┌─ Entries provided

Lemma ler_realRC (r s : R) : (realRC r <= realRC s) = (r <= s).
Proof. by case: b; rewrite //= lecE /= eqxx. Qed.

Lemma ltr_realRC (r s : R) : (realRC r < realRC s) = (r < s).
Proof. by case: b; rewrite //= ltcE /= eqxx. Qed.

Lemma normr_realRC (r : R) : `|realRC r| = realRC `|r|.
Proof. by case: b => //=; rewrite normc_def /= expr0n /= addr0 sqrtr_sqr. Qed.

Lemma norm_rabs (k : K) : `|k| = realRC (rabs k).
Proof. by rewrite /rabs realRC_reRC // normr_real. Qed.

Lemma rabs_ge0 k : 0 <= rabs k.
Proof. by rewrite -ler_realRC rmorph0 -norm_rabs. Qed.

Lemma rabsM k l : rabs (k * l) = rabs k * rabs l.
Proof. by apply: realRC_inj; rewrite rmorphM -!norm_rabs normrM. Qed.

Lemma rabsV k : rabs k^-1 = (rabs k)^-1.
Proof. by apply: realRC_inj; rewrite fmorphV -!norm_rabs normfV. Qed.

Lemma rabsX k n : rabs (k ^+ n) = rabs k ^+ n.
Proof. by apply: realRC_inj; rewrite rmorphXn -!norm_rabs normrX. Qed.

Lemma RC_decomp : exists j : K,
  (j = 0 \/ j * j = -1) /\ forall z : K, exists s t : R, z = realRC s + j * realRC t.
Proof.
case: b => /=.
  exists 'i%C; split.
    right; apply/eqP; rewrite eq_complex /=.
    by rewrite ?mul0r ?mulr0 ?mul1r ?mulr1 ?add0r ?addr0 ?sub0r ?oppr0 ?eqxx.
  by move=> z; exists (complex.Re z), (complex.Im z); rewrite [LHS]complexE.
by exists 0; split=> [|z]; [left | exists z, 0; rewrite mul0r addr0].
Qed.

Section Norm.
Context {X : completeNormedModType K}.
Local Notation rnorm := (@rnorm R b X).

Lemma norm_rnorm (x : X) : `|x| = realRC (rnorm x).
Proof. by rewrite /rnorm realRC_reRC // normr_real. Qed.

Lemma rnorm_ge0 (x : X) : 0 <= rnorm x.
Proof. by rewrite -ler_realRC rmorph0 -norm_rnorm. Qed.

Lemma ler_rnormD (x y : X) : rnorm (x + y) <= rnorm x + rnorm y.
Proof. by rewrite -ler_realRC rmorphD -!norm_rnorm ler_normD. Qed.

Lemma rnormZ k (x : X) : rnorm (k *: x) = rabs k * rnorm x.
Proof. by apply: realRC_inj; rewrite rmorphM -norm_rabs -!norm_rnorm normrZ. Qed.

Lemma rnormN (x : X) : rnorm (- x) = rnorm x.
Proof. by apply: realRC_inj; rewrite -!norm_rnorm normrN. Qed.

Lemma ler_rnormB (x y : X) : rnorm (x - y) <= rnorm x + rnorm y.
Proof. by rewrite -(rnormN y) ler_rnormD. Qed.

Lemma rnorm_eq0 (x : X) : (rnorm x == 0) = (x == 0).
Proof. by rewrite -(inj_eq realRC_inj) rmorph0 -norm_rnorm normr_eq0. Qed.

└─

Output the line containing "Lemma rabsM k" together with all later lines of the entries, exactly as written, through the final line.

*Solution to this exercise*:
Lemma rabsM k l : rabs (k * l) = rabs k * rabs l.
Proof. by apply: realRC_inj; rewrite rmorphM -!norm_rabs normrM. Qed.

Lemma rabsV k : rabs k^-1 = (rabs k)^-1.
Proof. by apply: realRC_inj; rewrite fmorphV -!norm_rabs normfV. Qed.

Lemma rabsX k n : rabs (k ^+ n) = rabs k ^+ n.
Proof. by apply: realRC_inj; rewrite rmorphXn -!norm_rabs normrX. Qed.

Lemma RC_decomp : exists j : K,
  (j = 0 \/ j * j = -1) /\ forall z : K, exists s t : R, z = realRC s + j * realRC t.
Proof.
case: b => /=.
  exists 'i%C; split.
    right; apply/eqP; rewrite eq_complex /=.
    by rewrite ?mul0r ?mulr0 ?mul1r ?mulr1 ?add0r ?addr0 ?sub0r ?oppr0 ?eqxx.
  by move=> z; exists (complex.Re z), (complex.Im z); rewrite [LHS]complexE.
by exists 0; split=> [|z]; [left | exists z, 0; rewrite mul0r addr0].
Qed.

Section Norm.
Context {X : completeNormedModType K}.
Local Notation rnorm := (@rnorm R b X).

Lemma norm_rnorm (x : X) : `|x| = realRC (rnorm x).
Proof. by rewrite /rnorm realRC_reRC // normr_real. Qed.

Lemma rnorm_ge0 (x : X) : 0 <= rnorm x.
Proof. by rewrite -ler_realRC rmorph0 -norm_rnorm. Qed.

Lemma ler_rnormD (x y : X) : rnorm (x + y) <= rnorm x + rnorm y.
Proof. by rewrite -ler_realRC rmorphD -!norm_rnorm ler_normD. Qed.

Lemma rnormZ k (x : X) : rnorm (k *: x) = rabs k * rnorm x.
Proof. by apply: realRC_inj; rewrite rmorphM -norm_rabs -!norm_rnorm normrZ. Qed.

Lemma rnormN (x : X) : rnorm (- x) = rnorm x.
Proof. by apply: realRC_inj; rewrite -!norm_rnorm normrN. Qed.

Lemma ler_rnormB (x y : X) : rnorm (x - y) <= rnorm x + rnorm y.
Proof. by rewrite -(rnormN y) ler_rnormD. Qed.

Lemma rnorm_eq0 (x : X) : (rnorm x == 0) = (x == 0).
Proof. by rewrite -(inj_eq realRC_inj) rmorph0 -norm_rnorm normr_eq0. Qed.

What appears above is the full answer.